Lemma row_inl_coisometry : row_inl *m adjmx row_inl = 1%:M.
Proof. by rewrite adjmx_row adjmx_scalar conjC1 adjmx0 mul_row_col mulmx1 mul0mx addr0. Qed.

Lemma row_inr_coisometry : row_inr *m adjmx row_inr = 1%:M.
Proof. by rewrite adjmx_row adjmx_scalar conjC1 adjmx0 mul_row_col mulmx1 mul0mx add0r. Qed.

Lemma compress_row_inl (A : 'M[C]_(m1 + m2)) : row_inl *m A *m adjmx row_inl = ulsubmx A.
Proof.
rewrite -[A]submxK adjmx_row adjmx_scalar conjC1 adjmx0 mul_row_block.
by rewrite !mul1mx !mul0mx !addr0 mul_row_col mulmx1 mulmx0 addr0 block_mxKul.
Qed.

Lemma compress_row_inr (A : 'M[C]_(m1 + m2)) : row_inr *m A *m adjmx row_inr = drsubmx A.
Proof.
rewrite -[A]submxK adjmx_row adjmx_scalar conjC1 adjmx0 mul_row_block.
by rewrite !mul1mx !mul0mx !add0r mul_row_col mulmx1 mulmx0 add0r block_mxKdr.
Qed.

(* [W1] and [W2] are carried by the blocks [H1 (x) H1] and [H2 (x) H2]. *)
Definition mix_densitymx (t : R) (W1 : 'M[C]_(m1 * m1)) (W2 : 'M[C]_(m2 * m2)) :=
  RtoC t *: (adjmx (row_inl *t row_inl) *m W1 *m (row_inl *t row_inl)) +
  RtoC (1 - t) *: (adjmx (row_inr *t row_inr) *m W2 *m (row_inr *t row_inr)).

Lemma densitymx_mix t W1 W2 : 0 <= t -> t <= 1 ->
  is_densitymx W1 -> is_densitymx W2 -> is_densitymx (mix_densitymx t W1 W2).
Proof.
have inl := coisometry_tens row_inl_coisometry row_inl_coisometry.
have inr := coisometry_tens row_inr_coisometry row_inr_coisometry.
by move=> t0 t1 W1d W2d; apply: densitymx_convex => //; apply: densitymx_compress.
Qed.

Lemma mxtrace_mix_tens t W1 W2 (X Y : 'M[C]_(m1 + m2)) :
  \tr (mix_densitymx t W1 W2 *m (X *t Y)) =
  RtoC t * \tr (W1 *m (ulsubmx X *t ulsubmx Y)) +
  RtoC (1 - t) * \tr (W2 *m (drsubmx X *t drsubmx Y)).
Proof.
rewrite mulmxDl mxtraceD -!scalemxAl !mxtraceZ !mxtrace_compress !compress_tens.
by rewrite !compress_row_inl !compress_row_inr.
Qed.

End DirectSum.

Lemma bell_convex n : convex_mxset (@bell_set R n).
Proof.
move=> p q t [p00 [m1 [E1 [F1 [W1 [E1P [F1P [W1d [pA [pB pAB]]]]]]]]]]
  [q00 [m2 [E2 [F2 [W2 [E2P [F2P [W2d [qA [qB qAB]]]]]]]]]] t0 t1.
have mixE i j : RtoC t * RtoC (p i j) + RtoC (1 - t) * RtoC (q i j) =
    RtoC ((t *: p + (1 - t) *: q) i j).
  by rewrite !mxE !RtoCE -!rmorphM -rmorphD.
split; first by rewrite !mxE p00 q00 !mulr1 addrC subrK.
exists (m1 + m2)%N, (fun i => block_mx (E1 i) 0 0 (E2 i)),
  (fun j => block_mx (F1 j) 0 0 (F2 j)), (mix_densitymx t W1 W2).
split; first by move=> i; apply: projmx_block.
split; first by move=> j; apply: projmx_block.
split; first exact: densitymx_mix.
split; last split.
- move=> i; rewrite scalar_mx_block mxtrace_mix_tens.
  by rewrite !block_mxKul !block_mxKdr pA qA mixE.
- move=> j; rewrite scalar_mx_block mxtrace_mix_tens.
  by rewrite !block_mxKul !block_mxKdr pB qB mixE.
- by move=> i j; rewrite mxtrace_mix_tens !block_mxKul !block_mxKdr pAB qAB mixE.
Qed.

End Convexity.

Section DiagonalModel.
Variable R : realType.
Local Notation C := R[i].

Lemma sum_mxtens (V : nmodType) m k (F : 'I_(m * k) -> V) :
  \sum_r F r = \sum_(u : 'I_m * 'I_k) F (mxtens_index u).
Proof.
by apply: reindex; exists (@mxtens_unindex m k) => r _;
  rewrite ?mxtens_indexK ?mxtens_unindexK.
Qed.

Definition projmx_pred m (P : pred 'I_m) : 'M[C]_m := diag_mx (\row_r (P r)%:R).

Lemma projmx_predP m (P : pred 'I_m) : is_projmx (projmx_pred P).
Proof.
split; apply/matrixP => i j; rewrite ?mul_diag_mx !mxE ?conjC_nat.
  by case: (P i); rewrite ?mul1r ?mul0r ?mul0rn.
have [->|_] := eqVneq i j; first by rewrite !mulr1n conjC_nat.
by rewrite !mulr0n conjC0.
Qed.

Lemma projmx_predT m : projmx_pred (@predT 'I_m) = 1%:M.
Proof. by apply/matrixP => i j; rewrite !mxE. Qed.

Lemma densitymx_diag k (w : 'rV[C]_k) :
  (forall r, 0 <= w 0 r) -> \sum_r w 0 r = 1 -> is_densitymx (diag_mx w).
Proof.
move=> w_ge0 w1; split; last split; last by rewrite mxtrace_diag.
- apply/matrixP => i j; rewrite !mxE eq_sym.
  by case: eqVneq => [->|]; rewrite ?mulr1n ?mulr0n ?geC0_conj ?conjC0.
- move=> v; rewrite mul_mx_diag mxE; apply: sumr_ge0 => r _; rewrite !mxE.
  by rewrite mulrAC mulr_ge0 // mulrC mul_conjC_ge0.
Qed.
_ _ _ _ _ _ _
• [ABOUT THIS EXERCISE]: Where does "first" appear in the records above? Copy every line that has it.

• [SOLUTION TO THIS PROBLEM]:
split; first by rewrite !mxE p00 q00 !mulr1 addrC subrK.
split; first by move=> i; apply: projmx_block.
split; first by move=> j; apply: projmx_block.
split; first exact: densitymx_mix.
have [->|_] := eqVneq i j; first by rewrite !mulr1n conjC_nat.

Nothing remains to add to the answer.